Intel admits that the 10nm process is doing poorly
At a recent Morgan Stanley financial analyst event, Intel CFO George Davis made some vary candid remarks regarding Intel's 10nm troubles. In the transcript from Anandtech, Davis said that 10nm "isn't going to be the best node that Intel has ever had. It's going to be less productive than 14[nm], less productive than 22[nm]… it isn't going to be as strong a node as people would expect from 14nm or what they'll see in 7nm".
After years of delays, Intel's 10nm designs have finally seen the light of day in the Ice Lake series of 10th Gen CPUs. However even after the long wait, 10nm's yields and clock speeds have been generally unimpressive, resulting in the aging 14nm+(+++...) process still being used today for desktop and server platforms.
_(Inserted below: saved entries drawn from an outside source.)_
(* Let $\lambda$ be a countable limit ordinal and let $\rho<\lambda$ be an isolated ordinal. Then there are a surjection $\diamond_{\rho,\lambda}\colon [\rho,\lambda) \to \mathrm{LIM}((\rho,\lambda])$, a mapping $\ell_{\rho,\lambda}\colon [\rho,\lambda] \to \omega \setminus \{0\}$, and a mapping $a_{\rho,\lambda}\colon \mathrm{LIM}((\rho,\lambda]) \times \omega \to [\rho,\lambda)$ such that: (a) for every $\beta \in [\rho,\lambda)$ there exists a positive integer $s$ with $\beta < \diamond_{\rho,\lambda}(\beta) < \diamond_{\rho,\lambda}^2(\beta)<\dots<\diamond_{\rho,\lambda}^{s}(\beta)=\lambda$ (where $\diamond^k$ denotes the $k$-fold iterate); (b) for every $\mu \in \mathrm{LIM}((\rho,\lambda])$: the sequence $(a_{\rho,\lambda}(\mu,k))_{k=0}^{\infty}$ is increasing with limit $\mu$; $\diamond_{\rho,\lambda}^{-1}(\mu) = \{a_{\rho,\lambda}(\mu,k) : k \in \omega\}$; $\ell_{\rho,\lambda}(a_{\rho,\lambda}(\mu,k))=\ell_{\rho,\lambda}(\mu)+k$ for all $k\in\omega$; moreover $\ell_{\rho,\lambda}(\lambda) = 1$ and $\ell_{\rho,\lambda}(\rho) = 1$; (c) for every $\beta \in [\rho,\lambda)$ and every $\gamma \in (\beta,\diamond_{\rho,\lambda}(\beta))$ we have $\ell_{\rho,\lambda}(\gamma)>\ell_{\rho,\lambda}(\beta)$ and $\diamond_{\rho,\lambda}(\gamma)\le\diamond_{\rho,\lambda}(\beta)$; (d) for every $\beta \in [\rho,\lambda)$ we have $\ell_{\rho,\lambda}(\beta+1)=\ell_{\rho,\lambda}(\beta)+1$.
   Context: An ordinal is isolated if it is not a limit ordinal (so $0$ and successor ordinals are isolated). For a set $A$ of ordinals, $\mathrm{LIM}(A)$ denotes the set of limit ordinals in $A$. Intervals such as $[\rho,\lambda)$ are intervals of ordinals. *)

(* Ordinals are modelled by an arbitrary strict well-order
   (T, lt): every ordinal up to lambda is an element of such an order, and
   any well-order with elements below lambda is isomorphic on [0,lambda] to
   the ordinal lambda+1. *)
From Stdlib Require Import Arith Wellfounded.

Section Ord.
Context {T : Type}.
Variable lt : T -> T -> Prop.

Definition is_well_order : Prop :=
  (forall x, ~ lt x x) /\
  (forall x y z, lt x y -> lt y z -> lt x z) /\
  (forall x y, lt x y \/ x = y \/ lt y x) /\
  well_founded lt.

Definition le (x y : T) : Prop := lt x y \/ x = y.

Definition is_succ_of (y x : T) : Prop :=
  lt x y /\ forall z, lt x z -> le y z.

Definition isolated (x : T) : Prop :=
  (forall y, ~ lt y x) \/ exists y, is_succ_of x y.

Definition limit (x : T) : Prop := ~ isolated x.

Definition countable_upto (lam : T) : Prop :=
  exists f : T -> nat, forall x y, le x lam -> le y lam -> f x = f y -> x = y.

Definition in_co (a b x : T) : Prop := le a x /\ lt x b.
Definition in_cc (a b x : T) : Prop := le a x /\ le x b.
Definition in_oc (a b x : T) : Prop := lt a x /\ le x b.
Definition in_oo (a b x : T) : Prop := lt a x /\ lt x b.

Definition in_LIM_oc (a b mu : T) : Prop := in_oc a b mu /\ limit mu.

Definition increasing_to (s : nat -> T) (mu : T) : Prop :=
  (forall k, lt (s k) (s (S k))) /\
  (forall k, lt (s k) mu) /\
  (forall g, lt g mu -> exists k, lt g (s k)).

End Ord.

From Stdlib Require Import Arith Lia Classical ClassicalEpsilon Wf_nat FinFun.

(* Fix an injective coding of [0, λ] by natural numbers. For a limit y and
   x < y, the ladder from x to y is x = s_0 < s_1 < ..., where s_(k+1) is the
   limit in (s_k, y) of least code, or s_k + 1 if there is none. It is cofinal
   in y: otherwise its supremum is a limit below y lying above every s_k, so the
   pairwise distinct codes of the s_(k+1) would all be bounded by its code.

   Start with the ladder from ρ to λ and hang below each limit rung s_(k+1) the
   ladder from s_k + 1 to s_(k+1). Descending from the root, always into the gap
   [s_k, s_(k+1)) containing β, shows that every β in [ρ, λ) is a rung of a
   ladder of this tree, and determinism of the descent makes that ladder and the
   position of β on it unique. Then ⋄(β) is the top of that ladder, ℓ(β) = e + k
   when β is its k-th rung and e is the level of the ladder (1 for the root,
   e + k + 1 for a ladder hung below rung k + 1 of a ladder of level e), and
   a(μ, ·) enumerates the ladder with top μ; since bases of ladders are
   isolated, every limit μ in (ρ, λ] is the top of a ladder. *)

Lemma nat_least (P : nat -> Prop) :
  (exists n, P n) -> exists n, P n /\ forall m, P m -> n <= m.
Proof.
  intros Hex.
  destruct (dec_inh_nat_subset_has_unique_least_element P (fun n => classic (P n)) Hex)
    as [n [Hn _]].
  now exists n.
Qed.

Lemma injective_nat_not_bounded (g : nat -> nat) (N : nat) :
  (forall i j, g i = g j -> i = j) -> ~ (forall k, g k <= N).
Proof.
  intros Hinj Hle.
  assert (Hfun : bFun (S (S N)) g) by (intros x _; specialize (Hle x); lia).
  assert (Hbinj : bInjective (S (S N)) g) by (intros x y _ _; apply Hinj).
  destruct (proj1 (bInjective_bSurjective Hfun) Hbinj (S N)) as [k [_ Hk]]; [lia|].
  specialize (Hle k); lia.
Qed.

Section LadderSystem.

(** * Well-orders *)

Context {T : Type} (lt : T -> T -> Prop).
Hypothesis Hwo : is_well_order lt.

Local Notation "x ≺ y" := (lt x y) (at level 70).
Local Notation "x ≼ y" := (le lt x y) (at level 70).

Lemma lt_irrefl x : ~ x ≺ x.
Proof. exact (proj1 Hwo x). Qed.

Lemma lt_trans x y z : x ≺ y -> y ≺ z -> x ≺ z.
Proof. exact (proj1 (proj2 Hwo) x y z). Qed.

Lemma lt_trichotomy x y : x ≺ y \/ x = y \/ y ≺ x.
Proof. exact (proj1 (proj2 (proj2 Hwo)) x y). Qed.

Lemma lt_wf : well_founded lt.
Proof. exact (proj2 (proj2 (proj2 Hwo))). Qed.

Lemma le_refl x : x ≼ x.
Proof. now right. Qed.

Lemma lt_le_incl x y : x ≺ y -> x ≼ y.
Proof. now left. Qed.

Lemma le_lt_trans x y z : x ≼ y -> y ≺ z -> x ≺ z.
Proof. intros [Hxy | <-] Hyz; [exact (lt_trans _ _ _ Hxy Hyz) | exact Hyz]. Qed.

Lemma lt_le_trans x y z : x ≺ y -> y ≼ z -> x ≺ z.
Proof. intros Hxy [Hyz | <-]; [exact (lt_trans _ _ _ Hxy Hyz) | exact Hxy]. Qed.

Lemma le_trans x y z : x ≼ y -> y ≼ z -> x ≼ z.
Proof. intros [Hxy | <-] Hyz; [left; exact (lt_le_trans _ _ _ Hxy Hyz) | exact Hyz]. Qed.

Lemma lt_not_ge x y : x ≺ y -> ~ y ≼ x.
Proof. intros Hxy Hyx. exact (lt_irrefl x (lt_le_trans _ _ _ Hxy Hyx)). Qed.

Lemma not_lt_ge x y : ~ x ≺ y -> y ≼ x.
Proof.
  intros Hn. destruct (lt_trichotomy x y) as [H | [-> | H]]; [tauto | apply le_refl | now left].
Qed.

Lemma le_antisym x y : x ≼ y -> y ≼ x -> x = y.
Proof. intros [Hxy | ->] Hyx; [exfalso; exact (lt_not_ge _ _ Hxy Hyx) | reflexivity]. Qed.

Lemma well_order_least (P : T -> Prop) :
  (exists x, P x) -> exists x, P x /\ forall y, P y -> x ≼ y.
Proof.
  intros [x Hx]. induction x as [x IH] using (well_founded_ind lt_wf).
  destruct (classic (exists y, P y /\ y ≺ x)) as [[y [Hy Hyx]] | Hnone].
  - exact (IH y Hyx Hy).
  - exists x. split; [exact Hx|]. intros y Hy. apply not_lt_ge. intros Hyx. eauto.
Qed.

Definition succ (c : T) : T := epsilon (inhabits c) (fun z => is_succ_of lt z c).

Lemma succ_spec c z : c ≺ z -> is_succ_of lt (succ c) c.
Proof.
  intros Hcz. unfold succ. apply epsilon_spec.
  destruct (well_order_least (lt c) (ex_intro _ z Hcz)) as [s [Hs Hmin]].
  now exists s.
Qed.

Lemma lt_succ c z : c ≺ z -> c ≺ succ c.
Proof. intros Hcz. exact (proj1 (succ_spec c z Hcz)). Qed.

Lemma succ_le c z : c ≺ z -> succ c ≼ z.
Proof. intros Hcz. exact (proj2 (succ_spec c z Hcz) z Hcz). Qed.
Intel's CFO went on to acknowledge that the 10nm process is behind the competition, saying the company would regain "parity in the 7nm generation and regain leadership in the 5nm [generation]". Intel's nomenclature differs from the other foundries such as TSMC. The 7nm generation is roughly equivalent to TSMC's 5nm process, with Intel's 5nm being similar to TSMC's 3nm. Intel's roadmap has 7nm scheduled for 2021 and 5nm releasing in 2023.
While Intel is struggling to make up ground after the 10nm delays, AMD has continued to improve, resulting in a significant sales shift. Meanwhile, Intel has decided to back-port designs to older processes and overlap generations in an effort to keep up with demand.
The entire transcript including George Davis' comments can be found at Anandtech.